Cette semaine, la presse étrangère délaisse temporairement les sentiers tortueux de la politique pour aller au plus près de la population. Santé, religion et pression sociale sont au programme.
The Washington Post
Dans ses pages consacrées à l’étranger, The Washington Post pointe «le risque de radicalisation des sunnites libanais».
Leur colère est le reflet d’un sentiment croissant d’aliénation que les sunnites attribuent au système politique qui ne leur rapporte que peu d’avantages. «Notre communauté ne nous aide pas. Personne ne nous aide. Ici, c’est chacun pour soi», explique Abou Ammar, le chef d’un groupe de combattants qui a participé aux derniers affrontements de Tarik Jdideh. «Nous avons trois emplois simplement afin d’acheter nos propres armes». Le drapeau noir qu’ils brandissent n’est pas un signe d’allégeance à un groupe en particulier, mais «il représente les sunnites», explique Mohammad Sharif. «Nous n’avons pas de dirigeants et nous ne suivons personne».

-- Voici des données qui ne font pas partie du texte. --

Lemma id_code_preimset (T T' : finType) (e : rel T) (e' : rel T') (f : T' -> T)
    (C : {set T}) :
  bijective f -> (forall u v, e' u v = e (f u) (f v)) ->
  id_code e C -> id_code e' (f @^-1: C).
Proof.
move=> f_bij fe /andP[/forallP dom /forallP sep]; have [g fK gK] := f_bij.
have f_inj := bij_inj f_bij.
apply/andP; split; apply/forallP => x.
  rewrite (cnbhd_preimset C x f_inj fe); have /set0Pn[y yN] := dom (f x).
  by apply/set0Pn; exists (g y); rewrite inE gK.
apply/forallP => y; apply/implyP => xy.
rewrite (cnbhd_preimset C x f_inj fe) (cnbhd_preimset C y f_inj fe).
apply: contra (implyP (forallP (sep (f x)) (f y)) _) => [/eqP E|].
  by apply/eqP/setP => z; have := congr1 (fun S : {set T'} => g z \in S) E; rewrite !inE gK.
by rewrite (inj_eq f_inj).
Qed.

(* The transpose of a set of cells of the n x m grid, a set of cells of the
   m x n grid; transposition is an isomorphism from K_m x K_n to K_n x K_m,
   so it lets us derive every "column" statement from its "row" version. *)
Definition swap_cell (n m : nat) (x : 'I_n * 'I_m) : 'I_m * 'I_n := (x.2, x.1).

Lemma swap_cell_bij (n m : nat) : bijective (@swap_cell n m).
Proof. by exists (@swap_cell m n) => -[]. Qed.

Definition transp (n m : nat) (C : {set 'I_n * 'I_m}) : {set 'I_m * 'I_n} :=
  @swap_cell m n @^-1: C.
(* Let $f:\mathbb{R}^n\to\mathbb{R}$ be differentiable, $\mu$-strongly convex, with $L$-Lipschitz gradient $\nabla f$, and let $x^*$ be its unique minimizer. Let $\mathcal{E}^t$ denote the event $\|\nabla f(x^t)\|_\infty\le\eta$. Then the iterate $x^{t+1}$ of Markov gradient descent satisfies $$\mathbb{E}\left[\|x^{t+1}-x^*\|_2^2\,\middle|\,x^t,\mathcal{E}^t\right]\le\Big(1-\frac{2\alpha\mu}{\eta}\Big)\|x^t-x^*\|_2^2+\frac{L\alpha^2\sqrt{n}}{\eta}\|x^t-x^*\|_2 .$$
   Context: A differentiable $f$ is $\mu$-strongly convex if $\langle\nabla f(x)-\nabla f(y),x-y\rangle\ge\mu\|x-y\|_2^2$ for all $x,y$. Markov gradient descent (MGD) with lattice resolution $\alpha>0$ and normalizer $\eta>0$: start at $x^0\in\alpha\mathbb{Z}^n$; at step $t$, for each coordinate $i$, conditionally on $x^t$, $\Delta^t_i\in\{0,1\}$ is Bernoulli with $\mathbb{P}[\Delta^t_i=1\mid x^t]=\min(|\partial_i f(x^t)|/\eta,1)$, and $x^{t+1}_i=x^t_i-\alpha\,\mathrm{sgn}(\partial_i f(x^t))\Delta^t_i$. *)

From HB Require Import structures.
From mathcomp Require Import all_boot all_order all_algebra.
From mathcomp Require Import all_classical all_reals all_analysis.
Set Implicit Arguments. Unset Strict Implicit. Unset Printing Implicit Defensive.
Import Order.TTheory GRing.Theory Num.Theory.
Import numFieldNormedType.Exports.
Local Open Scope ring_scope.

Definition dotv {R : realType} {n : nat} (u v : 'rV[R]_n) : R :=
  \sum_(i < n) u 0 i * v 0 i.
Definition norm2sq {R : realType} {n : nat} (u : 'rV[R]_n) : R := dotv u u.
Definition norm2 {R : realType} {n : nat} (u : 'rV[R]_n) : R := Num.sqrt (norm2sq u).
Definition norminf {R : realType} {n : nat} (u : 'rV[R]_n) : R :=
  \big[Num.max/0]_(i < n) `|u 0 i|.

Definition grad {R : realType} {n : nat} (f : 'rV[R]_n -> R) (x : 'rV[R]_n)
  : 'rV[R]_n := \row_i ('d f x (delta_mx 0 i : 'rV[R]_n)).

Definition strongly_convex {R : realType} {n : nat} (mu : R)
  (f : 'rV[R]_n -> R) : Prop :=
  forall x y, mu * norm2sq (x - y) <= dotv (grad f x - grad f y) (x - y).

Definition lipschitz_grad {R : realType} {n : nat} (L : R)
  (f : 'rV[R]_n -> R) : Prop :=
  forall x y, norm2 (grad f x - grad f y) <= L * norm2 (x - y).

Definition on_lattice {R : realType} {n : nat} (alpha : R) (x : 'rV[R]_n) : Prop :=
  exists z : 'I_n -> int, forall i, x 0 i = (z i)%:~R * alpha.

Definition mgd_step {R : realType} {n : nat} (f : 'rV[R]_n -> R) (alpha : R)
  (x : 'rV[R]_n) (d : {ffun 'I_n -> bool}) : 'rV[R]_n :=
  \row_i (x 0 i - alpha * Num.sg (grad f x 0 i) * (d i)%:R).

(* p is a conditional law (pmf on {0,1}^n) of the coin vector Delta^t given
   x^t = x, whose marginals are the MGD Bernoulli laws. The joint law across
   coordinates is left arbitrary (the paper only specifies marginals). *)
Definition mgd_law {R : realType} {n : nat} (f : 'rV[R]_n -> R) (eta : R)
  (x : 'rV[R]_n) (p : {ffun 'I_n -> bool} -> R) : Prop :=
  (forall d, 0 <= p d) /\ (\sum_(d : {ffun 'I_n -> bool}) p d = 1) /\
  (forall i, \sum_(d : {ffun 'I_n -> bool} | d i) p d = Num.min (`|grad f x 0 i| / eta) 1).

(* Expectation of g(x^{t+1}) under the law p given x^t = x. *)
Definition mgd_expect {R : realType} {n : nat} (f : 'rV[R]_n -> R) (alpha : R)
  (x : 'rV[R]_n) (p : {ffun 'I_n -> bool} -> R) (g : 'rV[R]_n -> R) : R :=
  \sum_(d : {ffun 'I_n -> bool}) p d * g (mgd_step f alpha x d).

From HB Require Import structures.
From mathcomp Require Import all_boot all_order all_algebra.
From mathcomp Require Import all_classical all_reals all_analysis.
From mathcomp Require Import ring lra.
Import Order.TTheory GRing.Theory Num.Theory.
Import numFieldNormedType.Exports.
Local Open Scope ring_scope.

(* Given x, coordinate i moves by -alpha sgn(g_i), g = grad f x, with probability
   |g_i| / eta (at most 1 on the event ||g||_oo <= eta), so the expected squared
   distance to x* is exactly
     ||x - x*||^2 - (2 alpha / eta) <g, x - x*> + (alpha^2 / eta) ||g||_1.
   Since grad f x* = 0, strong convexity gives <g, x - x*> >= mu ||x - x*||^2,
   and Cauchy-Schwarz with the Lipschitz gradient gives
   ||g||_1 <= sqrt n ||g||_2 <= sqrt n L ||x - x*||. *)

Lemma sqr_sum_le_card_sum_sqr {R : realFieldType} {I : finType} (a : I -> R) :
  (\sum_i a i) ^+ 2 <= #|I|%:R * \sum_i a i ^+ 2.
Proof.
have lagrange : \sum_i \sum_j (a i - a j) ^+ 2
    = 2 * (#|I|%:R * \sum_i a i ^+ 2 - (\sum_i a i) ^+ 2).
  under eq_bigr do under eq_bigr do rewrite sqrrB.
  under eq_bigr do rewrite !big_split /= sumrN -mulr_sumr sumr_const -mulr_natl.
  rewrite !big_split /= sumrN sumr_const -mulr_natl.
  have -> : \sum_i a i * (#|I|%:R * 1 * a i) = #|I|%:R * \sum_i a i ^+ 2.
    by rewrite mulr_sumr; apply: eq_bigr => i _; ring.
  have -> : \sum_i \sum_j a i * a j *+ 2 = (\sum_i a i) ^+ 2 *+ 2.
    rewrite expr2 big_distrl -sumrMnl; apply: eq_bigr => i _ /=.
    by rewrite big_distrr -sumrMnl.
  rewrite -mulr_natl; ring.
have : 0 <= \sum_i \sum_j (a i - a j) ^+ 2.
  by apply: sumr_ge0 => i _; apply: sumr_ge0 => j _; exact: sqr_ge0.
rewrite lagrange; lra.
Qed.

Lemma sum_abs_le_sqrt_dim_norm2 {R : realType} {n : nat} (u : 'rV[R]_n) :
  \sum_i `|u 0 i| <= Num.sqrt n%:R * norm2 u.
Proof.
rewrite /norm2 /norm2sq /dotv -sqrtrM ?ler0n //.
have sum_ge0 : 0 <= \sum_i `|u 0 i| by apply: sumr_ge0 => i _; exact: normr_ge0.
rewrite -(ger0_norm sum_ge0) -sqrtr_sqr ler_wsqrtr //.
have -> : \sum_i u 0 i * u 0 i = \sum_i `|u 0 i| ^+ 2.
  by apply: eq_bigr => i _; rewrite real_normK ?num_real // expr2.
by rewrite -[n in n%:R]card_ord sqr_sum_le_card_sum_sqr.
Qed.

Lemma abs_coord_le_norminf {R : realType} {n : nat} (u : 'rV[R]_n) (i : 'I_n) :
  `|u 0 i| <= norminf u.
Proof. exact: (le_bigmax 0 (fun i => `|u 0 i|) i). Qed.

Lemma derive_eq0_at_min {R : realFieldType} {V : normedModType R} (f : V -> R)
    (a v : V) :
  (forall t : R, derivable f (t *: v + a) v) -> (forall y, f a <= f y) ->
  'D_v f a = 0.
Proof.
move=> fdv fmin; pose h t := f (t *: v + a).
have quotientE t : (fun s : R => s^-1 *: ((h \o shift t) (s *: 1) - h t)) =
    (fun s : R => s^-1 *: ((f \o shift (t *: v + a)) (s *: v) - f (t *: v + a))).
  by apply/funext => s /=; rewrite /h [s *: 1]mulr1 scalerDl addrA.
have hder t : derivable h t 1 by rewrite /derivable quotientE; exact: fdv.
have [|t _|||_ <-] := @derive1_at_min R h (-1) 1 0.
- exact: (le_trans (lerN10 R) ler01).
- exact: hder.
- by rewrite in_itv /= ltrN10 ltr01.
- by move=> t _; rewrite /h scale0r add0r.
- by rewrite /derive quotientE scale0r add0r.
Qed.

Lemma grad_eq0_at_min {R : realType} {n : nat} (f : 'rV[R]_n -> R) (xs : 'rV[R]_n) :
  (forall y, differentiable f y) -> (forall y, f xs <= f y) -> grad f xs = 0.
Proof.
move=> df fmin; apply/rowP => i; rewrite !mxE -deriveE //.
by apply: derive_eq0_at_min fmin => t; exact: diff_derivable.
Qed.

Lemma expect_coin_affine {R : comPzRingType} {I : finType}
    (p : {ffun I -> bool} -> R) (a b : I -> R) :
  \sum_(d : {ffun I -> bool}) p d = 1 ->
  \sum_(d : {ffun I -> bool}) p d * \sum_i (a i + (d i)%:R * b i)
  = \sum_i (a i + b i * \sum_(d : {ffun I -> bool} | d i) p d).
Proof.
move=> p1; under eq_bigr do rewrite mulr_sumr; rewrite exchange_big /=.
apply: eq_bigr => i _; under eq_bigr do rewrite mulrDr.
rewrite big_split /= -mulr_suml p1 mul1r mulr_sumr; congr (_ + _).
rewrite [RHS]big_mkcond; apply: eq_bigr => d _.
by case: (d i); rewrite /= ?mul0r ?mulr0 ?mul1r // mulrC.
Qed.

Section MarkovGradientDescent.
Context {R : realType} {n : nat} {f : 'rV[R]_n -> R} {alpha eta : R}.

Lemma norm2sq_mgd_step_sub (x xs : 'rV[R]_n) (d : {ffun 'I_n -> bool}) :
  let s i := Num.sg (grad f x 0 i) in
  norm2sq (mgd_step f alpha x d - xs) =
  \sum_i ((x - xs) 0 i ^+ 2
          + (d i)%:R * (alpha ^+ 2 * s i ^+ 2 - 2 * alpha * s i * (x - xs) 0 i)).
Proof.
by apply: eq_bigr => i _; rewrite !mxE; case: (d i) => /=; ring.
Qed.

Lemma mgd_law_marginal {x : 'rV[R]_n} {p : {ffun 'I_n -> bool} -> R} (i : 'I_n) :
  0 < eta -> mgd_law f eta x p -> `|grad f x 0 i| <= eta ->
  \sum_(d : {ffun 'I_n -> bool} | d i) p d = `|grad f x 0 i| / eta.
Proof.
by move=> eta_gt0 [_ [_ ->]] gi_le; apply/min_idPl; rewrite ler_pdivrMr // mul1r.
Qed.

Lemma mgd_expect_norm2sq {x : 'rV[R]_n} {p : {ffun 'I_n -> bool} -> R} (xs : 'rV[R]_n) :
  0 < eta -> mgd_law f eta x p -> norminf (grad f x) <= eta ->
  mgd_expect f alpha x p (fun y => norm2sq (y - xs)) =
  norm2sq (x - xs) + alpha ^+ 2 / eta * \sum_i `|grad f x 0 i|
    - 2 * alpha / eta * dotv (grad f x) (x - xs).
Proof.
move=> eta_gt0 law g_le; have [_ [p1 _]] := law.
rewrite /mgd_expect; under eq_bigr do rewrite norm2sq_mgd_step_sub.
rewrite expect_coin_affine // /norm2sq /dotv !mulr_sumr -big_split -sumrB /=.
apply: eq_bigr => i _.
rewrite (mgd_law_marginal i eta_gt0 law (le_trans (abs_coord_le_norminf _ i) g_le)).
set g := grad f x 0 i; set u := (x - xs) 0 i.
have sg2_norm : Num.sg g ^+ 2 * `|g| = `|g|.
  by rewrite sqr_sg; case: eqP => [->|_]; rewrite ?normr0 ?mulr0 ?mul1r.
transitivity (u * u + alpha ^+ 2 / eta * (Num.sg g ^+ 2 * `|g|)
  - 2 * alpha / eta * ((Num.sg g * `|g|) * u)); first by ring.
by rewrite sg2_norm -numEsg.
Qed.

End MarkovGradientDescent.

Theorem corollary6p4 (R : realType) (n : nat) (f : 'rV[R]_n -> R)
  (mu L alpha eta : R) (xstar x : 'rV[R]_n) (p : {ffun 'I_n -> bool} -> R) :
  0 < mu -> 0 <= L -> 0 < alpha -> 0 < eta ->
  (forall y, differentiable f y) ->
  strongly_convex mu f ->
  lipschitz_grad L f ->
  (forall y, f xstar <= f y) ->
  on_lattice alpha x ->
  mgd_law f eta x p ->
  norminf (grad f x) <= eta ->
  mgd_expect f alpha x p (fun y => norm2sq (y - xstar))
    <= (1 - 2 * alpha * mu / eta) * norm2sq (x - xstar)
       + L * alpha ^+ 2 * Num.sqrt (n%:R) / eta * norm2 (x - xstar).
Proof.
move=> _ _ alpha_gt0 eta_gt0 df sc lg fmin _ law g_le.
rewrite (mgd_expect_norm2sq xstar eta_gt0 law g_le).
have grad_xstar := grad_eq0_at_min f xstar df fmin.
have descent := sc x xstar; rewrite grad_xstar subr0 in descent.
have g_norm := lg x xstar; rewrite grad_xstar subr0 in g_norm.
have g_l1 : \sum_i `|grad f x 0 i| <= Num.sqrt n%:R * (L * norm2 (x - xstar)).
  exact: le_trans (sum_abs_le_sqrt_dim_norm2 _) (ler_wpM2l (sqrtr_ge0 _) g_norm).
have c_ge0 : 0 <= alpha / eta by rewrite ltW ?divr_gt0.
have drift := ler_wpM2l c_ge0 descent.
have noise := ler_wpM2l (mulr_ge0 (ltW alpha_gt0) c_ge0) g_l1.
lra.
Qed.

L’absence de Saad Hariri a érodé son autorité, laissant un vide que ses lieutenants tentent de combler en promulguant une interprétation beaucoup plus radicale de la place des sunnites dans ce Liban multiculturel. Pour Iskandar Demaji, la séquence de l’attaque du Grand sérail, le 21 octobre, «a montré que la rue est en train d’échapper à Saad Hariri. Qui le remplace? Ne soyons pas dupes. Les drapeaux d’al-Qaïda sont partout». Les prêcheurs extrémistes sunnites comme Ahmad Al-Assir gagnent en popularité. «Nous pourrions mourir pour lui», explique Jamal Shamaa, un combattant du Sud. Et pour Hariri? «Oui», répond-il avec moins d’enthousiasme. «Il communique avec nous grâce à Twitter».
Gulf News
Dans une tribune publiée dans les colonnes du Gulf News, Joseph Kechichian explique qu’il n’y a pas «d’Etat salafiste au Liban». Le but du Hezbollah n’est pas de se mettre sur la même ligne des partis traditionnels du pays, mais de s’affirmer comme la seule autorité qui compte sur la scène locale. C’est pour cette raison qu’il n’a cessé de mettre en garde contre la menace des salafistes. C’est également pour cette raison que ses alliés ont pointé du doigt le spectre d’al-Qaïda. La très grande majorité des Libanais, et les sunnites en particulier, rejettent aujourd’hui la violence qui est leur pain quotidien depuis quatre décennies. Comme les dix-sept autres communautés du pays, les sunnites font partie de l’équation nationale. En réalité, la guerre civile a pris un nouveau tournant lorsque la communauté a réalisé l’importance d’un Etat stable. C’est aussi pourquoi des hommes comme Rafic Hariri, et des dizaines d’autres, ont payé le prix de cette cause.
Plus que les autres, les sunnites savent combien l’équation libanaise reste fragile et à quel point la stabilité du pays repose sur la présence d’un Etat fort. C’est ce que Wissam el-Hassan avait compris. C’est le prix que ses ennemis voulaient lui faire payer. C’est également pourquoi les citoyens rejettent les quelques salafistes que compte le Liban.
The Platform
The Platform est un site d’information britannique, géré par de jeunes Anglais issus de l’immigration asiatique, qui se donne pour but de véhiculer une autre vision de leur pays. Un article est consacré au «secteur privatisé et politisé de la santé au Liban».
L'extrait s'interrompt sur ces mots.